The goal of this study was to assess whether changes in DNA methylation in peripheral blood are observed in patients with neurodegenerative diseases. By performing microarray-based differential methylation analysis, we identified a methylation signature associated with disease status in PSP and, to a lesser extent, FTD. Using SNP data available in a subset of our series, we showed that a remarkable proportion of the observed changes in methylation status in PSP are associated with a common haplotype at the 17q21.31 locus, strongly suggesting the presence of a cis methylation QTL in this region. Although we included patients with neurodegenerative disorders in our analysis, the observed pattern seems to be related to the haplotype at 17q21.31, independent of disease status. Integrative analyses including SNP and gene expression data support a model whereby genetic variation at the 17q21.31 locus modulates the risk for neurodegenerative tauopathy at least partially via differential methylation.
The H1 haplotype at 17q21.31, a large linkage disequilibrium block due to an inverted chromosomal sequence of ∼970 kb, is the major known risk locus for PSP  and other neurodegenerative diseases , . Although the genetic contribution of this locus to the risk for neurodegeneration is established and widely replicated, the mechanism by which risk is increased is largely unknown. This region spans from CRHR1 (corticotrophin) to IMP5 (a presenilin homologue) at the centromeric end of LD, while WNT3 and NSF (N-ethylmaleimide-sensitive factor) are at the telomeric end of the LD block ; therefore it spans at least 1.8 Mb, including 48 RefSeq genes – many of which actively transcribed in the brain – and constitutes the largest haplotype block in the human genome.
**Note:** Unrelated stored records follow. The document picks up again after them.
Definition grad_norm (p : R) w f : \bar R :=
  poweR (\esum_(uv in [set: V * V]) (powR `|f uv.1 - f uv.2| p * w uv.1 uv.2)%:E) p^-1.

Definition grad_norm_inf w f : \bar R :=
  ereal_sup [set (`|f uv.1 - f uv.2|)%:E | uv in [set uv : V * V | (0 < w uv.1 uv.2)%R]].

Definition wA w A (v : V) : \bar R := \esum_(u in A) (w u v)%:E.

Definition Dm w nu (S : nat -> set V) (m : nat) : \bar R :=
  ereal_sup [set wA w (S m.+1) v * ((nu v)^-1)%:E | v in S m].

Definition Km w nu (S : nat -> set V) (m : nat) : \bar R :=
  ereal_inf [set wA w (S m) v * ((nu v)^-1)%:E | v in S m.+1].

Definition ratio_prod w nu S (k m : nat) : \bar R :=
  \prod_(k <= i < m) (Dm w nu S i * ((fine (Km w nu S i))^-1)%:E).

Definition delta w nu S (n : nat) (p : R) : \bar R :=
  if p == 1%R then
    \big[maxe/0]_(1 <= k < n.+1)
      (((fine (Km w nu S k.-1))^-1)%:E *
        \sum_(k <= m < n.+1) ratio_prod w nu S k m)
  else
    let q := (p / (p - 1))%R in
    poweR (\sum_(1 <= m < n.+1)
       poweR (\sum_(1 <= k < m.+1)
                ((powR (fine (Km w nu S k.-1)) (- (q / p)))%:E *
                 poweR (ratio_prod w nu S k m) (q / p)))
             (p / q)) p^-1.

End Defs.

From mathcomp Require Import all_boot all_order all_algebra.
From mathcomp Require Import all_classical all_reals all_analysis.
From mathcomp Require Import ring lra.
Set Implicit Arguments. Unset Strict Implicit. Unset Printing Implicit Defensive.
Import Order.TTheory GRing.Theory Num.Theory.
Local Open Scope classical_set_scope.
Local Open Scope ring_scope.

(* Each [v] in the layer [S (m+1)] satisfies [K_m nu(v) <= w_{S_m}(v)], and
   [|f v| <= |f v - f u| + |f u|] for its neighbours [u] in [S_m]; so Minkowski's inequality
   in the space of edges between the two layers, weighted by [w], gives
     K_m^(1/p) ||f|_{S_(m+1)}|| <= ||grad f|_{S_(m+1) x S_m}|| + D_m^(1/p) ||f|_{S_m}||.
   Unrolling this recursion from [f|_{S_0} = 0] bounds ||f|_{S_m}|| by the layer gradients
   with weights K_(k-1)^(-1/p) (prod_(i=k)^(m-1) D_i/K_i)^(1/p).  Summing over [m] (for
   [p = 1]), or applying Hoelder's inequality first (for [p > 1]), gives [delta], because
   the edge sets [S_k x S_(k-1)] are disjoint.  For [p = oo], every vertex of [S_m] reaches
   [S_0] along [m] edges, which exist since [K_i > 0]. *)

Section powR_lemmas.
Context {R : realType}.
Implicit Types p r s x y : R.

Lemma powRV s r : 0 < s -> s^-1 `^ r = s `^ (- r).
Proof. by move=> s0; rewrite -powR_inv1 ?ltW// -powRrM mulN1r. Qed.

Lemma powRK p x : 0 < p -> 0 <= x -> (x `^ p) `^ p^-1 = x.
Proof. by move=> p0 x0; rewrite -powRrM mulfV ?gt_eqF// powRr1. Qed.

Lemma powRVK p x : 0 < p -> 0 <= x -> (x `^ p^-1) `^ p = x.
Proof. by move=> p0 x0; rewrite -powRrM mulVf ?gt_eqF// powRr1. Qed.
Lemma hermitian_diagonalization n (A : 'M[C]_n) : is_hermitian A ->
  exists (V : 'M[C]_n) (d : 'I_n -> R), is_unitary V /\ A = V *m dmx d *m ctmx V.
Proof.
move=> A_herm.
have A_hsym : A \is hermsymmx.
  by apply/is_hermitianmxP; rewrite expr0 scale1r ctmx_tc A_herm.
have /orthomx_spectralP A_eq := hermitian_normalmx A_hsym.
have P_unitary := spectral_unitarymx A.
have d_real := hermitian_spectral_diag_real A_hsym.
exists (ctmx (spectralmx A)), (fun i => Re (spectral_diag A 0 i)); split.
  by rewrite /is_unitary ctmxK -ctmx_tc; apply/unitarymxP.
rewrite ctmxK {1}A_eq (invmx_unitary P_unitary) ctmx_tc; congr (_ *m _ *m _).
apply/matrixP => i j; rewrite dmxE !mxE RRe_real //; exact: (mxOverP d_real).
Qed.

Lemma psd_dmx_ge0 n (V : 'M[C]_n) (d : 'I_n -> R) :
  is_unitary V -> is_psd (V *m dmx d *m ctmx V) -> forall i, 0 <= d i.
Proof.
move=> V_unitary [_ psd] i; have := psd (V *m delta_mx i 0).
rewrite quadfE cdot_mulmxl !mulmxA V_unitary mul1mx -(mulmxA (dmx d)) V_unitary.
by rewrite mulmx1 lecE => /andP[_]; rewrite Re_cdot_dmx_delta.
Qed.

Lemma char_poly_unitary_dmx n (V : 'M[C]_n) (d : 'I_n -> R) : is_unitary V ->
  char_poly (V *m dmx d *m ctmx V) = \prod_i ('X - ((d i)%:C)%:P).
Proof.
move=> V_unitary; have [Vt_unit _] := mulmx1_unit V_unitary.
have VE : V = invmx (ctmx V).
  by rewrite -[X in X = _](mulKmx Vt_unit) V_unitary mulmx1.
rewrite {1}VE char_poly_similar // char_poly_trig ?diag_mx_is_trig //.
by apply: eq_bigr => i _; rewrite !mxE eqxx mulr1n.
Qed.

Lemma card_roots_eq n (d e : 'I_n -> R) (p : {poly C}) (P : pred R) :
  p = \prod_i ('X - ((d i)%:C)%:P) -> p = \prod_i ('X - ((e i)%:C)%:P) ->
  #|[set i | P (d i)]| = #|[set i | P (e i)]|.
Proof.
move=> pd pe.
have card_sum (f : 'I_n -> R) :
    #|[set i | P (f i)]| = (\sum_(x <- [seq f i | i <- index_enum 'I_n] | P x) 1)%N.
  by rewrite big_map -sum1_card; apply: eq_bigl => i; rewrite inE.
rewrite !card_sum; apply: perm_big.
have /(perm_map Re) : perm_eq [seq (d i)%:C | i <- index_enum 'I_n]
                               [seq (e i)%:C | i <- index_enum 'I_n].
  by apply: prod_XsubC_eq; rewrite !big_map -pd -pe.
by rewrite -!map_comp.
Qed.

Lemma eigen_seq_card_le n (A : 'M[C]_n) (d : 'I_n -> R) (lam : nat -> R) r :
  char_poly A = \prod_i ('X - ((d i)%:C)%:P) -> eigen_seq A lam ->
  (n - r <= #|[set i | (d i <= lam r)%R]|)%N.
Proof.
move=> A_d [A_lam [lam_mono _]].
have [rn | /ltnW] := leqP r n; last by rewrite -subn_eq0 => /eqP ->.
rewrite (card_roots_eq (fun x => x <= lam r) A_d A_lam).
have card_ge_r : #|~: [set i : 'I_n | (i < r)%N]| = (n - r)%N.
  by have := cardsC [set i : 'I_n | (i < r)%N]; rewrite card_ord card_ord_lt //; lia.
rewrite -card_ge_r; apply: subset_leq_card; apply/fintype.subsetP => i.
rewrite !inE -leqNgt => ri.
by apply: lam_mono; rewrite ri ltn_ord.
Qed.

Lemma psd_spectral n (A : 'M[C]_n) (lam : nat -> R) : is_psd A -> eigen_seq A lam ->
  exists (V : 'M[C]_n) (d : 'I_n -> R),
    [/\ is_unitary V, A = V *m dmx d *m ctmx V, forall i, 0 <= d i
      & forall r, (n - r <= #|[set i | (d i <= lam r)%R]|)%N].
Proof.
move=> A_psd A_lam; have [V [d [V_unitary A_eq]]] := hermitian_diagonalization A_psd.1.
exists V, d; split => //; first by apply: (psd_dmx_ge0 V_unitary); rewrite -A_eq.
by move=> r; apply: eigen_seq_card_le A_lam; rewrite A_eq char_poly_unitary_dmx.
Qed.

Lemma eigen_seq_psd_ge0 n (A : 'M[C]_n) (lam : nat -> R) :
  is_psd A -> eigen_seq A lam -> forall j, 0 <= lam j.
Proof.
move=> A_psd A_lam j; have [V [d [_ _ d_ge0 card_d]]] := psd_spectral A_psd A_lam.
have [jn | nj] := ltnP j n; last by rewrite A_lam.2.2.
have : (0 < #|[set i | (d i <= lam j)%R]|)%N.
  by apply: leq_trans (card_d j); rewrite subn_gt0.
by case/card_gt0P => i; rewrite inE; apply: le_trans.
Qed.

(** * Singular values *)

Lemma svd_mulmx_ct n (Q U W : 'M[C]_n) (s : 'I_n -> R) :
  is_svd Q U s W -> Q *m ctmx Q = U *m (dmx s *m dmx s) *m ctmx U.
Proof.
move=> [_ [W_unitary [_ [_ ->]]]].
rewrite !ctmxM ctmxK ctmx_dmx -/(dmx s) !mulmxA -(mulmxA _ (ctmx W)) W_unitary.
by rewrite mulmx1.
Qed.

Lemma hermitian_svd_sqr n (Q U W : 'M[C]_n) (s : 'I_n -> R) :
  is_hermitian Q -> is_svd Q U s W ->
  (ctmx U *m Q *m U) *m (ctmx U *m Q *m U) = dmx s *m dmx s.
Proof.
move=> Q_herm svd; have [U_unitary _] := svd.
have QQ : Q *m Q = U *m (dmx s *m dmx s) *m ctmx U.
  by rewrite -{2}Q_herm; apply: svd_mulmx_ct svd.
rewrite -!mulmxA (mulmxA U) unitary_mulmxV // mul1mx (mulmxA Q) QQ.
by rewrite !mulmxA U_unitary mul1mx -mulmxA U_unitary mulmx1.
Qed.

Lemma sqnorm_svd_ge n (Q U W : 'M[C]_n) (s : 'I_n -> R) (a : 'cV[C]_n) t :
  is_hermitian Q -> is_svd Q U s W -> 0 <= t -> (forall j, a j 0 != 0 -> t <= s j) ->
  t ^+ 2 * sqnorm a <= sqnorm (Q *m (U *m a)).
Proof.
move=> Q_herm svd t_ge0 a_big; have [U_unitary [_ [s_ge0 _]]] := svd.
rewrite [sqnorm (Q *m _)]sqnormE cdot_mulmxl Q_herm mulmxA -{2}Q_herm (svd_mulmx_ct svd).
rewrite cdot_mulmxl.
rewrite !mulmxA U_unitary mul1mx -(mulmxA _ (ctmx U)) U_unitary mulmx1 dmxM.
by apply: Re_cdot_dmx_ge => j aj; rewrite -expr2 ler_sqr ?nnegrE ?a_big.
Qed.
Stefansson et al.  showed that the complete disequilibrium was due to an inversion occurring in the H2 haplotype relative to the H1 human reference and subsequent absence of recombination between inverted and non-inverted chromosomes. The study of this region to understand susceptibility to neurodegeneration has been mostly focused on one gene, MAPT, encoding for the microtubule-associated protein tau. This focus on tau is well motivated, as hyperphosphorylated tau accumulates within neurofibrillary tangles – the pathological hallmark of AD – and because mutations in MAPT cause FTD, the second most common neurodegenerative dementia. Several in vitro studies have reported alterations of transcription levels in MAPT due to common variants in the region , , but this finding has not been consistently replicated , . More consistent evidence exists for a higher expression of exon 3 in brains from H2 carriers ,  and of exon 10 in H1 carriers , , suggesting that splicing abnormalities are involved in increasing risk.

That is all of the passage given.